Each plugin "package" would be installed into a venv which would be
managed by BuildStream, and BuildStream would have to load the plugins
in such a way that each plugin would basically link only to it's own
individual venv.

I will start by enumerating the advantages I can see with this
solution:

  * Plugins would have freedom to import and depend on any external
    library they like, and BuildStream would ensure safety that
    multiple plugins with conflicting version requirements on the
    same dependency would not cause any clashes.

  * If we additionally converted the majority of our Source plugins
    to never use host tools, but to always prefer a pure python
    implementation wherever possible, this would very much improve
    the initial ramp up time for any user using BuildStream, as
    they would almost never need to install any host tool.

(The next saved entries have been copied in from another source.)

(* Let $n\ge 3$ and let $v_1<\cdots<v_{n-1}$ be positive integers with $\mathrm{ML}(v_1,\ldots,v_{n-1})=L>\frac1n$. Then $\mathrm{ML}(v_1,\ldots,v_n)\ge\frac1n$ for every positive integer $v_n$ with $v_n\ge v_{n-1}(2v_{n-1}-1)$.
   Context: For a real number $x$, $\Vert x\Vert$ denotes the distance from $x$ to the nearest integer. For positive integers $v_1,\ldots,v_k$, the maximum loneliness is $\mathrm{ML}(v_1,\ldots,v_k)=\max_{t\in\mathbb{R}}\min_{1\le i\le k}\Vert t v_i\Vert$. *)

From Stdlib Require Import Reals List.
From Coquelicot Require Import Coquelicot.
Import ListNotations.
Open Scope R_scope.

Definition dist_int (x : R) : R :=
  Rmin (x - IZR (Int_part x)) (IZR (Int_part x) + 1 - x).

(* min_{i} ||t v_i|| for a (nonempty) list of speeds vs;
   1 acts as neutral element since ||.|| <= 1/2. *)
Definition min_dist (vs : list nat) (t : R) : R :=
  fold_right (fun v acc => Rmin (dist_int (t * INR v)) acc) 1 vs.

(* ML(v_1,...,v_k) = max_t min_i ||t v_i||, taken as the supremum
   (it is attained, being a max of a continuous periodic function). *)
Definition ML (vs : list nat) : R :=
  real (Lub_Rbar (fun r => exists t : R, r = min_dist vs t)).

(* Suppose ||t0 v_i|| > 1/n for every i.  Around t0 each v_i has a closed "safe interval"
   [(k_i + 1/n)/v_i, (k_i + 1 - 1/n)/v_i] on which ||t v_i|| >= 1/n, and all these intervals
   contain t0.  With c = 1/n, the overlap of two of them is a fraction J/(n v_i v_j) with J a
   positive integer (a multiple of v_i when v_i = v_j), so it has length at least 2c/v_n as soon
   as v_n >= 2 v_i v_j for v_i <> v_j and v_n >= 2 v_i.  Hence the common intersection contains
   a window of length 2c/v_n starting at the largest left endpoint, and every window of that
   length contains a t with ||t v_n|| >= c. *)

From Stdlib Require Import Reals List Lra Lia Psatz ZArith Classical.
From Coquelicot Require Import Coquelicot.
Import ListNotations.
Open Scope R_scope.

Lemma min_dist_le_1 (vs : list nat) (t : R) : min_dist vs t <= 1.
Proof.
  induction vs as [|a vs IH]; simpl; [lra|].
  eapply Rle_trans; [apply Rmin_r | exact IH].
Qed.

Lemma min_dist_gt (vs : list nat) (t c : R) :
  min_dist vs t > c -> forall x, In x vs -> dist_int (t * INR x) > c.
Proof.
  induction vs as [|a vs IH]; simpl; intros H x Hx; [contradiction|].
  destruct Hx as [<- | Hx].
  - eapply Rlt_le_trans; [exact H | apply Rmin_l].
  - apply IH; [eapply Rlt_le_trans; [exact H | apply Rmin_r] | exact Hx].
Qed.

Lemma min_dist_ge (vs : list nat) (t c : R) :
  c <= 1 -> (forall x, In x vs -> dist_int (t * INR x) >= c) -> min_dist vs t >= c.
Proof.
  intro Hc; induction vs as [|a vs IH]; simpl; intro H; [lra|].
  apply Rle_ge, Rmin_glb; apply Rge_le; [apply H; left; reflexivity |].
  apply IH; intros x Hx; apply H; right; exact Hx.
Qed.

Lemma ML_ge_min_dist (vs : list nat) (t : R) : ML vs >= min_dist vs t.
Proof.
  unfold ML.
  destruct (Lub_Rbar_correct (fun r => exists t : R, r = min_dist vs t)) as [Hub Hlub].
  assert (Ht := Hub (min_dist vs t) (ex_intro _ t eq_refl)).
  assert (H1 : Rbar_le (Lub_Rbar (fun r => exists t : R, r = min_dist vs t)) 1).
  { apply Hlub; intros x [s ->]; apply min_dist_le_1. }
  destruct (Lub_Rbar _); simpl in *; try contradiction; lra.
Qed.

Lemma ML_gt_min_dist (vs : list nat) (c : R) : ML vs > c -> exists t, min_dist vs t > c.
Proof.
  intro H; apply NNPP; intro Hnone.
  assert (Hall : forall t, min_dist vs t <= c).
  { intro t; apply Rnot_lt_le; intro Hlt; apply Hnone; exists t; exact Hlt. }
  unfold ML in H.
  destruct (Lub_Rbar_correct (fun r => exists t : R, r = min_dist vs t)) as [Hub Hlub].
  assert (Hc : Rbar_le (Lub_Rbar (fun r => exists t : R, r = min_dist vs t)) c).
  { apply Hlub; intros x [s ->]; apply Hall. }
  assert (H0 := Hub (min_dist vs 0) (ex_intro _ 0 eq_refl)).
  destruct (Lub_Rbar _); simpl in *; try contradiction; lra.
Qed.

Lemma dist_int_ge_between (k : Z) (x c : R) :
  IZR k + c <= x <= IZR k + 1 - c -> dist_int x >= c.
Proof.
  intros Hx; unfold dist_int.
  destruct (Rle_or_lt c 0) as [Hc | Hc].
  - pose proof (base_Int_part x); apply Rle_ge, Rmin_glb; lra.
  - rewrite <- (Int_part_spec x k) by lra.
    apply Rle_ge, Rmin_glb; lra.
Qed.

Lemma Int_part_bounds_of_dist_int_gt (x c : R) :
  dist_int x > c -> IZR (Int_part x) + c < x < IZR (Int_part x) + 1 - c.
Proof. unfold dist_int, Rmin; destruct (Rle_dec _ _); lra. Qed.

Lemma dist_int_ge_in_unit_window (y c : R) :
  0 < c -> 2 * c <= 1 -> exists s, y <= s <= y + 2 * c /\ dist_int s >= c.
Proof.
  intros Hc Hc2.
  set (k := Int_part y); destruct (base_Int_part y) as [Hk1 Hk2]; fold k in Hk1, Hk2.
  destruct (Rlt_dec (y - IZR k) c) as [Hlo | Hlo].
  { exists (IZR k + c); split; [lra |]. apply (dist_int_ge_between k); lra. }
  destruct (Rlt_dec (1 - c) (y - IZR k)) as [Hhi | Hhi].
  { exists (IZR k + 1 + c); split; [lra |].
    apply (dist_int_ge_between (k + 1)); rewrite plus_IZR; lra. }
  exists y; split; [lra |]. apply (dist_int_ge_between k); lra.
Qed.

Lemma dist_int_ge_in_window (A N c : R) :
  0 < N -> 0 < c -> 2 * c <= 1 ->
  exists t, A <= t <= A + 2 * c / N /\ dist_int (t * N) >= c.
Proof.
  intros HN Hc Hc2.
  destruct (dist_int_ge_in_unit_window (A * N) c Hc Hc2) as [s [[Hs1 Hs2] Hs]].
  exists (s / N); split.
  - split.
    + apply (Rmult_le_reg_r N); [exact HN |]; unfold Rdiv; rewrite Rmult_assoc, Rinv_l; lra.
    + apply (Rmult_le_reg_r N); [exact HN |].
      replace ((A + 2 * c / N) * N) with (A * N + 2 * c) by (field; lra).
      unfold Rdiv; rewrite Rmult_assoc, Rinv_l; lra.
  - replace (s / N * N) with s by (field; lra); exact Hs.
Qed.

Lemma exists_argmax {A : Type} (f : A -> R) (l : list A) :
  l <> [] -> exists x, In x l /\ forall y, In y l -> f y <= f x.
Proof.
  induction l as [|a l IH]; intro Hne; [congruence |].
  destruct l as [|b l].
  { exists a; split; [left; reflexivity |]. intros y [<- | []]; lra. }
  destruct IH as [x [Hx Hmax]]; [discriminate |].
  destruct (Rle_dec (f a) (f x)).
  - exists x; split; [right; exact Hx |]. intros y [<- | Hy]; auto.
  - exists a; split; [left; reflexivity |].
    intros y [<- | Hy]; [lra | specialize (Hmax y Hy); lra].
Qed.

(* [J] is [n x y] times the overlap of the safe intervals of speeds [x] and [y]; when [x = y]
   it factors as [x * (n * (ky + 1 - kx) - 2)], hence is at least [x]. *)
Lemma overlap_numerator_bound (n x y N kx ky : Z) :
  (0 < x)%Z -> (x <> y -> 2 * x * y <= N)%Z -> (2 * x <= N)%Z ->
  (0 < n * (x * (ky + 1) - y * kx) - x - y)%Z ->
  (2 * x * y <= N * (n * (x * (ky + 1) - y * kx) - x - y))%Z.
Proof.
  intros Hx Hxy HxN HJ.
  destruct (Z.eq_dec x y) as [<- | Hne]; [| specialize (Hxy Hne); nia].
  replace (n * (x * (ky + 1) - x * kx) - x - x)%Z with (x * (n * (ky + 1 - kx) - 2))%Z
    in * by ring.
  assert (0 < n * (ky + 1 - kx) - 2)%Z by nia.
  nia.
Qed.

Lemma safe_intervals_overlap_ge (n x y N : nat) (kx ky : Z) :
  (0 < n)%nat -> (0 < x)%nat -> (0 < y)%nat -> (0 < N)%nat ->
  (x <> y -> 2 * x * y <= N)%nat -> (2 * x <= N)%nat ->
  (IZR kx + 1 / INR n) / INR x < (IZR ky + 1 - 1 / INR n) / INR y ->
  (IZR ky + 1 - 1 / INR n) / INR y - (IZR kx + 1 / INR n) / INR x
    >= 2 * (1 / INR n) / INR N.
Proof.
  intros Hn Hx Hy HN Hxy HxN Hlt.
  set (J := (Z.of_nat n * (Z.of_nat x * (ky + 1) - Z.of_nat y * kx)
             - Z.of_nat x - Z.of_nat y)%Z).
  assert (Rn : 0 < INR n) by (apply lt_0_INR; lia).
  assert (Rx : 0 < INR x) by (apply lt_0_INR; lia).
  assert (Ry : 0 < INR y) by (apply lt_0_INR; lia).
  assert (RN : 0 < INR N) by (apply lt_0_INR; lia).
  assert (Hoverlap : (IZR ky + 1 - 1 / INR n) / INR y - (IZR kx + 1 / INR n) / INR x
                     = IZR J / (INR n * INR x * INR y)).
  { unfold J; repeat rewrite ?minus_IZR, ?mult_IZR, ?plus_IZR; rewrite <- !INR_IZR_INZ.
    field; lra. }
  assert (HJ : (0 < J)%Z).
  { apply lt_IZR; apply (Rmult_lt_reg_r (/ (INR n * INR x * INR y))).
    - apply Rinv_0_lt_compat; repeat apply Rmult_lt_0_compat; lra.
    - rewrite Rmult_0_l; fold (Rdiv (IZR J) (INR n * INR x * INR y)); rewrite <- Hoverlap; lra. }
  assert (HNJ := overlap_numerator_bound (Z.of_nat n) (Z.of_nat x) (Z.of_nat y) (Z.of_nat N)
                   kx ky ltac:(lia) ltac:(lia) ltac:(lia) HJ).
  fold J in HNJ; apply IZR_le in HNJ; rewrite !mult_IZR, <- !INR_IZR_INZ in HNJ.
  rewrite Hoverlap; apply Rle_ge.
  apply (Rmult_le_reg_r (INR n * INR x * INR y * INR N));
    [repeat apply Rmult_lt_0_compat; lra |].
  replace (2 * (1 / INR n) / INR N * (INR n * INR x * INR y * INR N))
    with (2 * INR x * INR y) by (field; lra).
  replace (IZR J / (INR n * INR x * INR y) * (INR n * INR x * INR y * INR N))
    with (INR N * IZR J) by (field; lra).
  exact HNJ.
Qed.

(* For [||t x|| > c], the component of [{s | ||s x|| >= c}] containing [t] is
   [[safe_lo c t x, safe_hi c t x]]. *)
Definition safe_lo (c t : R) (x : nat) : R := (IZR (Int_part (t * INR x)) + c) / INR x.
Definition safe_hi (c t : R) (x : nat) : R := (IZR (Int_part (t * INR x)) + 1 - c) / INR x.

Lemma safe_interval_contains (c t : R) (x : nat) :
  (0 < x)%nat -> dist_int (t * INR x) > c -> safe_lo c t x < t < safe_hi c t x.
Proof.
  intros Hx Hd; assert (Rx : 0 < INR x) by (apply lt_0_INR; lia).
  destruct (Int_part_bounds_of_dist_int_gt _ _ Hd) as [H1 H2].
  unfold safe_lo, safe_hi; split; apply (Rmult_lt_reg_r (INR x)); try exact Rx.
  - replace ((IZR (Int_part (t * INR x)) + c) / INR x * INR x)
      with (IZR (Int_part (t * INR x)) + c) by (field; lra); exact H1.
  - replace ((IZR (Int_part (t * INR x)) + 1 - c) / INR x * INR x)
      with (IZR (Int_part (t * INR x)) + 1 - c) by (field; lra); exact H2.
Qed.

Lemma dist_int_ge_on_safe_interval (c t s : R) (x : nat) :
  (0 < x)%nat -> safe_lo c t x <= s <= safe_hi c t x -> dist_int (s * INR x) >= c.
Proof.
  intros Hx [H1 H2]; assert (Rx : 0 < INR x) by (apply lt_0_INR; lia).
  apply (dist_int_ge_between (Int_part (t * INR x))).
  unfold safe_lo, safe_hi in *; split.
  - apply (Rmult_le_compat_r (INR x)) in H1; [| lra].
    replace ((IZR (Int_part (t * INR x)) + c) / INR x * INR x)
      with (IZR (Int_part (t * INR x)) + c) in H1 by (field; lra); exact H1.
  - apply (Rmult_le_compat_r (INR x)) in H2; [| lra].
    replace ((IZR (Int_part (t * INR x)) + 1 - c) / INR x * INR x)
      with (IZR (Int_part (t * INR x)) + 1 - c) in H2 by (field; lra); exact H2.
Qed.

Lemma ML_app_large_speed_ge (ws : list nat) (n N : nat) :
  (2 <= n)%nat -> ws <> [] -> (forall x, In x ws -> (0 < x)%nat) -> (0 < N)%nat ->
  (forall x y, In x ws -> In y ws -> x <> y -> (2 * x * y <= N)%nat) ->
  (forall x, In x ws -> (2 * x <= N)%nat) ->
  ML ws > 1 / INR n -> ML (ws ++ [N]) >= 1 / INR n.
Proof.
  intros Hn Hne Hpos HN HxyN HxN HML.
  destruct (ML_gt_min_dist _ _ HML) as [t0 Ht0].
  assert (Rn : 2 <= INR n) by (apply (le_INR 2) in Hn; simpl in Hn; lra).
  set (c := 1 / INR n) in *.
  assert (Hc : 0 < c) by (unfold c; apply Rdiv_lt_0_compat; lra).
  assert (Hc2 : 2 * c <= 1).
  { unfold c; apply (Rmult_le_reg_r (INR n)); [lra |]; field_simplify; lra. }
  assert (Hsafe : forall x, In x ws -> safe_lo c t0 x < t0 < safe_hi c t0 x).
  { intros x Hx; apply safe_interval_contains; [apply Hpos; exact Hx |].
    exact (min_dist_gt _ _ _ Ht0 x Hx). }
  destruct (exists_argmax (safe_lo c t0) ws Hne) as [xm [Hxm Hmax]].
  assert (RN : 0 < INR N) by (apply lt_0_INR; exact HN).
  destruct (dist_int_ge_in_window (safe_lo c t0 xm) (INR N) c RN Hc Hc2) as [t [[Ht1 Ht2] HtN]].
  eapply Rge_trans; [apply (ML_ge_min_dist _ t) |].
  apply min_dist_ge; [lra |].
  intros y Hy; apply in_app_or in Hy; destruct Hy as [Hy | [<- | []]]; [| exact HtN].
  assert (Hgap := safe_intervals_overlap_ge n xm y N (Int_part (t0 * INR xm))
                    (Int_part (t0 * INR y)) ltac:(lia) (Hpos xm Hxm) (Hpos y Hy) HN
                    (HxyN xm y Hxm Hy) (HxN xm Hxm)).
  fold c (safe_lo c t0 xm) (safe_hi c t0 y) in Hgap.
  specialize (Hgap ltac:(pose proof (Hsafe xm Hxm); pose proof (Hsafe y Hy); lra)).
  apply (dist_int_ge_on_safe_interval c t0); [apply Hpos; exact Hy |].
  specialize (Hmax y Hy); lra.
Qed.

Lemma increasing_lt_last (v : nat -> nat) (a b : nat) :
  (forall i, (a <= i < b)%nat -> (v i < v (S i))%nat) ->
  forall i, (a <= i < b)%nat -> (v i < v b)%nat.
Proof.
  induction b as [|b IH]; intros Hinc i Hi; [lia |].
  assert (Hb : (v b < v (S b))%nat) by (apply Hinc; lia).
  destruct (Nat.eq_dec i b) as [-> | Hib]; [exact Hb |].
  assert (v i < v b)%nat by (apply IH; [intros j Hj; apply Hinc |]; lia).
  lia.
Qed.

Theorem lemma8p4 (n : nat) (v : nat -> nat) (L : R) :
  (3 <= n)%nat ->
  (forall i, (1 <= i <= n - 1)%nat -> (0 < v i)%nat) ->
  (forall i, (1 <= i < n - 1)%nat -> (v i < v (S i))%nat) ->
  ML (map v (seq 1 (n - 1))) = L ->
  L > 1 / INR n ->
  forall vn : nat, (0 < vn)%nat ->
    (v (n - 1) * (2 * v (n - 1) - 1) <= vn)%nat ->
    ML (map v (seq 1 (n - 1)) ++ [vn]) >= 1 / INR n.
Proof.
  intros Hn Hpos Hinc HML HL vn Hvn Hbig; subst L.
  set (V := v (n - 1)%nat) in *.
  assert (Hle : forall i, (1 <= i <= n - 1)%nat -> (v i <= V)%nat).
  { intros i Hi; destruct (Nat.eq_dec i (n - 1)) as [-> | Hne]; [lia |].
    apply Nat.lt_le_incl, (increasing_lt_last v 1); [exact Hinc | lia]. }
  assert (HV : (2 <= V)%nat).
  { pose proof (increasing_lt_last v 1 (n - 1) Hinc 1 ltac:(lia)).
    pose proof (Hpos 1%nat ltac:(lia)). unfold V; lia. }
  assert (Hws : forall x, In x (map v (seq 1 (n - 1))) -> (0 < x <= V)%nat).
  { intros x Hx; apply in_map_iff in Hx; destruct Hx as [i [<- Hi]]; apply in_seq in Hi.
    split; [apply Hpos | apply Hle]; lia. }
  apply ML_app_large_speed_ge; [lia | | intros x Hx; apply Hws, Hx | exact Hvn | | | exact HL].
  - intro E; apply (in_nil (a := v 1%nat)); rewrite <- E.
    apply in_map, in_seq; lia.
  - intros x y Hx Hy Hxy; apply Hws in Hx; apply Hws in Hy.
    assert (x * y <= V * (V - 1))%nat
      by (destruct (Nat.lt_ge_cases x y); [| assert (y < x)%nat by lia]; nia).
    nia.
  - intros x Hx; apply Hws in Hx; nia.
Qed.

  * We would not need to bless any specific technique for hosting
    the plugins, people could have the option to publish plugins
    on PyPI, or use their preferred VCS so long as `pip` has support
    for installing from that VCS.

And the negative points:

  * Most importantly, Angelos has done some research into this
    and (as I rather suspected), a solution of this nature does
    not appear to be all that viable or trustworthy.

    See his posts here[3] and here[4].

  * This would imply a lot more bookkeeping to be implemented
    in BuildStream.

    - Bookkeeping of hashed venvs for any given plugin ref

    - Taking the python interpretor version into account in
      such hashing, so that we can recreate a new venv when the
      user upgrades their host python from python3.6 to python3.7,
      for example.

    - We would probably want to avoid downloading the same dependency
      twice for two separate plugins which require a common dependency,
      which might (eventually) mean a local PyPI mirror/cache of sorts.

    Essentially this would be a lot of local state to ensure is
    always up to date, not to mention we would have to write a lot
    of new code when compared to my original `git` origin proposal.

  * The plugin tracking implementation would probably be futile.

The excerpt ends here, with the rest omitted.